A G → A mutation at the 14459 base pair in the MT-ND6 gene also has been identified in a small number of people with Leigh's syndrome, a progressive brain disorder that typically appears in infancy or early childhood. Affected children may experience vomiting, seizures, delayed development, muscle weakness, and problems with movement. Heart disease, kidney problems, and difficulty breathing can also occur in people with this disorder. This MT-ND6 G14459A mutation replaces the amino acid alanine with the amino acid valine at protein position 72 in the NADH-ubiquinone oxidoreductase chain 6 protein. This genetic change also has been found in people with LHON and a movement disorder called dystonia, which involves involuntary muscle contractions, tremors, and other uncontrolled movements.
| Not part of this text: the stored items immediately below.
Section LieBracket.
Variables (R : realType) (V : vectType R) (br : V -> V -> V).
Hypothesis br_lie : lie_bracket br.

Lemma lie_linl z : linmap (br^~ z).
Proof. by case: br_lie => brl _ a x y; apply: brl. Qed.

Lemma lie_linr z : linmap (br z).
Proof. by case: br_lie => _ [brr _] a x y; apply: brr. Qed.

Lemma lie_brxx x : br x x = 0.
Proof. by case: br_lie => _ [_ []]. Qed.

Lemma lie_brC x y : br x y = - br y x.
Proof.
apply/eqP; rewrite -addr_eq0 eq_sym -(lie_brxx (x + y)).
by rewrite (linmapD (lie_linl _)) !(linmapD (lie_linr _)) !lie_brxx add0r addr0.
Qed.

Lemma lie_br_add_scaled u v w a b :
  br (u + a *: w) (v + b *: w) = br u v + (a *: br w v + b *: br u w).
Proof.
rewrite (linmapD (lie_linl _)) !(linmapD (lie_linr _)) !(linmapZ (lie_linl _)).
rewrite !(linmapZ (lie_linr _)) lie_brxx !scaler0 addr0.
by rewrite -addrA [b *: _ + _]addrC.
Qed.

End LieBracket.

Definition horizontal (R : realType) (V : vectType R) (eta : V -> R) (xi : V) (x : V) : V :=
  x - eta x *: xi.

Section AlmostContactMetric.
Variables (R : realType) (V : vectType R).
Variables (phi : V -> V) (xi : V) (eta : V -> R) (g : V -> V -> R).
Hypothesis acm : acm_structure phi xi eta g.

Let eta_lin := acm_eta_lin acm.

Lemma acm_g_linl z : linmap ((g^~ z) : V -> R^o).
Proof. by move=> a x y; apply: (acm_g_lin acm). Qed.

Lemma acm_g_linr z : linmap (g z : V -> R^o).
Proof. by move=> a x y; rewrite /= !(acm_g_sym acm z); apply: (acm_g_lin acm). Qed.

Lemma acm_phi_xi : phi xi = 0.
Proof.
have phi2_xi : phi (phi xi) = 0.
  by rewrite (acm_phi2 acm) (acm_eta_xi acm) scale1r addNr.
have := acm_phi2 acm (phi xi).
rewrite phi2_xi (linmap0 (acm_phi_lin acm)) (acm_eta_phi acm) scale0r addr0.
by move/eqP; rewrite eq_sym oppr_eq0 => /eqP.
Qed.

Lemma acm_g_xi x : g x xi = eta x.
Proof.
have := acm_compat acm x xi; rewrite acm_phi_xi (acm_eta_xi acm) mulr1.
by rewrite (linmap0 (acm_g_linr _)) => /eqP; rewrite eq_sym subr_eq0 => /eqP.
Qed.

Lemma eta_horizontal x : eta (horizontal eta xi x) = 0.
Proof. by rewrite (linformB eta_lin) (linformZ eta_lin) (acm_eta_xi acm) mulr1 subrr. Qed.

Lemma acm_splitting x : exists u a, eta u = 0 /\ x = u + a *: xi.
Proof.
by exists (horizontal eta xi x), (eta x); split; [exact: eta_horizontal | rewrite subrK].
Qed.

Lemma acm_eta_add_scaled u a : eta u = 0 -> eta (u + a *: xi) = a.
Proof.
move=> eta_u; rewrite (linformD eta_lin) (linformZ eta_lin).
by rewrite eta_u (acm_eta_xi acm) add0r mulr1.
Qed.

Lemma horizontal_add_scaled u a : eta u = 0 -> horizontal eta xi (u + a *: xi) = u.
Proof. by move=> eta_u; rewrite /horizontal acm_eta_add_scaled // addrK. Qed.

Lemma acm_g_add_scaled u v a b : eta u = 0 -> eta v = 0 ->
  g (u + a *: xi) (v + b *: xi) = g u v + a * b.
Proof.
move=> eta_u eta_v.
rewrite (linformD (acm_g_linl _)) !(linformD (acm_g_linr _)) !(linformZ (acm_g_linl _)).
rewrite !(linformZ (acm_g_linr _)) !acm_g_xi (acm_g_sym acm xi) !acm_g_xi.
by rewrite eta_u eta_v (acm_eta_xi acm) mulr1 !mulr0 addr0 add0r.
Qed.

End AlmostContactMetric.

Section TwoStructures.
Variables (R : realType) (V1 V2 : vectType R).
Variables (br1 : V1 -> V1 -> V1) (phi1 : V1 -> V1) (xi1 : V1).
Variables (eta1 : V1 -> R) (g1 : V1 -> V1 -> R).
Variables (br2 : V2 -> V2 -> V2) (phi2 : V2 -> V2) (xi2 : V2).
Variables (eta2 : V2 -> R) (g2 : V2 -> V2 -> R).

Lemma coKahler_iso_restrict :
  coKahler_iso br1 phi1 xi1 eta1 g1 br2 phi2 xi2 eta2 g2 ->
  kahler_iso_D br1 phi1 xi1 eta1 g1 br2 phi2 xi2 eta2 g2.
Proof.
case=> Psi [Psi_lin [Q PsiK QK] Psi_br Psi_phi [Psi_eta Psi_xi Psi_g]].
exists Psi; split=> [x eta_x | a x y _ _ | | x y _ _ | ].
- by rewrite Psi_eta.
- exact: Psi_lin.
- split=> [x y _ _ /(can_inj PsiK) // | y eta_y].
  by exists (Q y); rewrite ?QK // -Psi_eta QK.
- exact: Psi_br.
- by split=> [x _ | x y _ _ | x _]; rewrite ?Psi_phi ?Psi_g ?Psi_br ?Psi_xi.
Qed.

Section KahlerIsoExtension.
Hypotheses (lie1 : lie_bracket br1) (lie2 : lie_bracket br2).
Hypotheses (acm1 : acm_structure phi1 xi1 eta1 g1) (acm2 : acm_structure phi2 xi2 eta2 g2).
Hypothesis eta1_br : forall x y, eta1 (br1 x y) = 0.

Variable psi : V1 -> V2.
Hypothesis psi_ker : forall x, eta1 x = 0 -> eta2 (psi x) = 0.
Hypothesis psi_lin : forall (a : R) x y, eta1 x = 0 -> eta1 y = 0 ->
  psi (a *: x + y) = a *: psi x + psi y.
Hypothesis psi_inj : forall x y, eta1 x = 0 -> eta1 y = 0 -> psi x = psi y -> x = y.
Hypothesis psi_surj : forall y, eta2 y = 0 -> exists2 x, eta1 x = 0 & psi x = y.
Hypothesis psi_br : forall x y, eta1 x = 0 -> eta1 y = 0 ->
  psi (br1 x y) = br2 (psi x) (psi y).
Hypothesis psi_phi : forall x, eta1 x = 0 -> psi (phi1 x) = phi2 (psi x).
Hypothesis psi_g : forall x y, eta1 x = 0 -> eta1 y = 0 -> g2 (psi x) (psi y) = g1 x y.
Hypothesis psi_D : forall x, eta1 x = 0 -> psi (br1 xi1 x) = br2 xi2 (psi x).

Let eta1_lin := acm_eta_lin acm1.

Lemma eta1_0 : eta1 0 = 0.
Proof. exact: (linmap0 eta1_lin). Qed.

Lemma psi_kerD x y : eta1 x = 0 -> eta1 y = 0 -> psi (x + y) = psi x + psi y.
Proof. by move=> eta_x eta_y; have := psi_lin 1 eta_x eta_y; rewrite !scale1r. Qed.

Lemma psi_0 : psi 0 = 0.
Proof. by apply/(addrI (psi 0)); rewrite -psi_kerD ?eta1_0 // !addr0. Qed.

Lemma psi_kerZ a x : eta1 x = 0 -> psi (a *: x) = a *: psi x.
Proof. by move=> eta_x; have := psi_lin a eta_x eta1_0; rewrite !addr0 psi_0 addr0. Qed.

Lemma psi_D_swap x : eta1 x = 0 -> psi (br1 x xi1) = br2 (psi x) xi2.
Proof.
by move=> eta_x; rewrite (lie_brC lie1) (lie_brC lie2) -!scaleN1r psi_kerZ ?psi_D.
Qed.

Definition psi_ext (x : V1) : V2 := psi (horizontal eta1 xi1 x) + eta1 x *: xi2.

Lemma psi_ext_add_scaled u a : eta1 u = 0 -> psi_ext (u + a *: xi1) = psi u + a *: xi2.
Proof.
by move=> eta_u; rewrite /psi_ext (horizontal_add_scaled acm1) ?(acm_eta_add_scaled acm1).
Qed.

Lemma psi_ext_ker x : eta1 x = 0 -> psi_ext x = psi x.
Proof.
by move=> eta_x; rewrite /psi_ext /horizontal eta_x !scale0r subr0 addr0.
Qed.

Lemma psi_ext_xi : psi_ext xi1 = xi2.
Proof. by rewrite -[xi1]add0r -[xi1]scale1r psi_ext_add_scaled ?eta1_0 // psi_0 add0r scale1r. Qed.

Lemma eta2_psi_ext x : eta2 (psi_ext x) = eta1 x.
Proof.
have [u [a [eta_u ->]]] := acm_splitting acm1 x.
by rewrite psi_ext_add_scaled // (acm_eta_add_scaled acm2) ?(acm_eta_add_scaled acm1) ?psi_ker.
Qed.

Lemma psi_ext_lin : linmap psi_ext.
Proof.
move=> a x y.
have [u [b [eta_u ->]]] := acm_splitting acm1 x.
have [v [c [eta_v ->]]] := acm_splitting acm1 y.
have -> : a *: (u + b *: xi1) + (v + c *: xi1) = (a *: u + v) + (a * b + c) *: xi1.
  by rewrite scalerDr scalerA addrACA scalerDl.
rewrite !psi_ext_add_scaled ?psi_lin //; last first.
  by rewrite (linformD eta1_lin) (linformZ eta1_lin) eta_u eta_v mulr0 addr0.
by rewrite scalerDr scalerA addrACA scalerDl.
Qed.

Lemma psi_ext_bij : bijective psi_ext.
Proof.
apply: inj_surj_bijective => [x y|y].
  have [u [a [eta_u ->]]] := acm_splitting acm1 x.
  have [v [b [eta_v ->]]] := acm_splitting acm1 y.
  move=> eq_ext; have eq_ab : a = b.
    by rewrite -(acm_eta_add_scaled acm1 a eta_u) -eta2_psi_ext eq_ext eta2_psi_ext
      (acm_eta_add_scaled acm1).
  move: eq_ext; rewrite -eq_ab !psi_ext_add_scaled // => /addIr eq_psi.
  by rewrite (psi_inj eta_u eta_v eq_psi).
have [w [b [eta_w ->]]] := acm_splitting acm2 y.
have [u eta_u <-] := psi_surj eta_w.
by exists (u + b *: xi1); rewrite psi_ext_add_scaled.
Qed.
This mutation appears to disrupt the normal assembly or activity of complex I in mitochondria. It is not known, however, how this MT-ND6 gene alteration is related to the specific features of Leigh syndrome, LHON, or dystonia. It also remains unclear why a single mutation can cause such varied signs and symptoms in different people.

== Interactions ==

MT-ND6 interacts with the NADH dehydrogenase [ubiquinone] iron-sulfur protein 3 (NDUFS3) and the ATP-dependent metalloprotease YME1L1.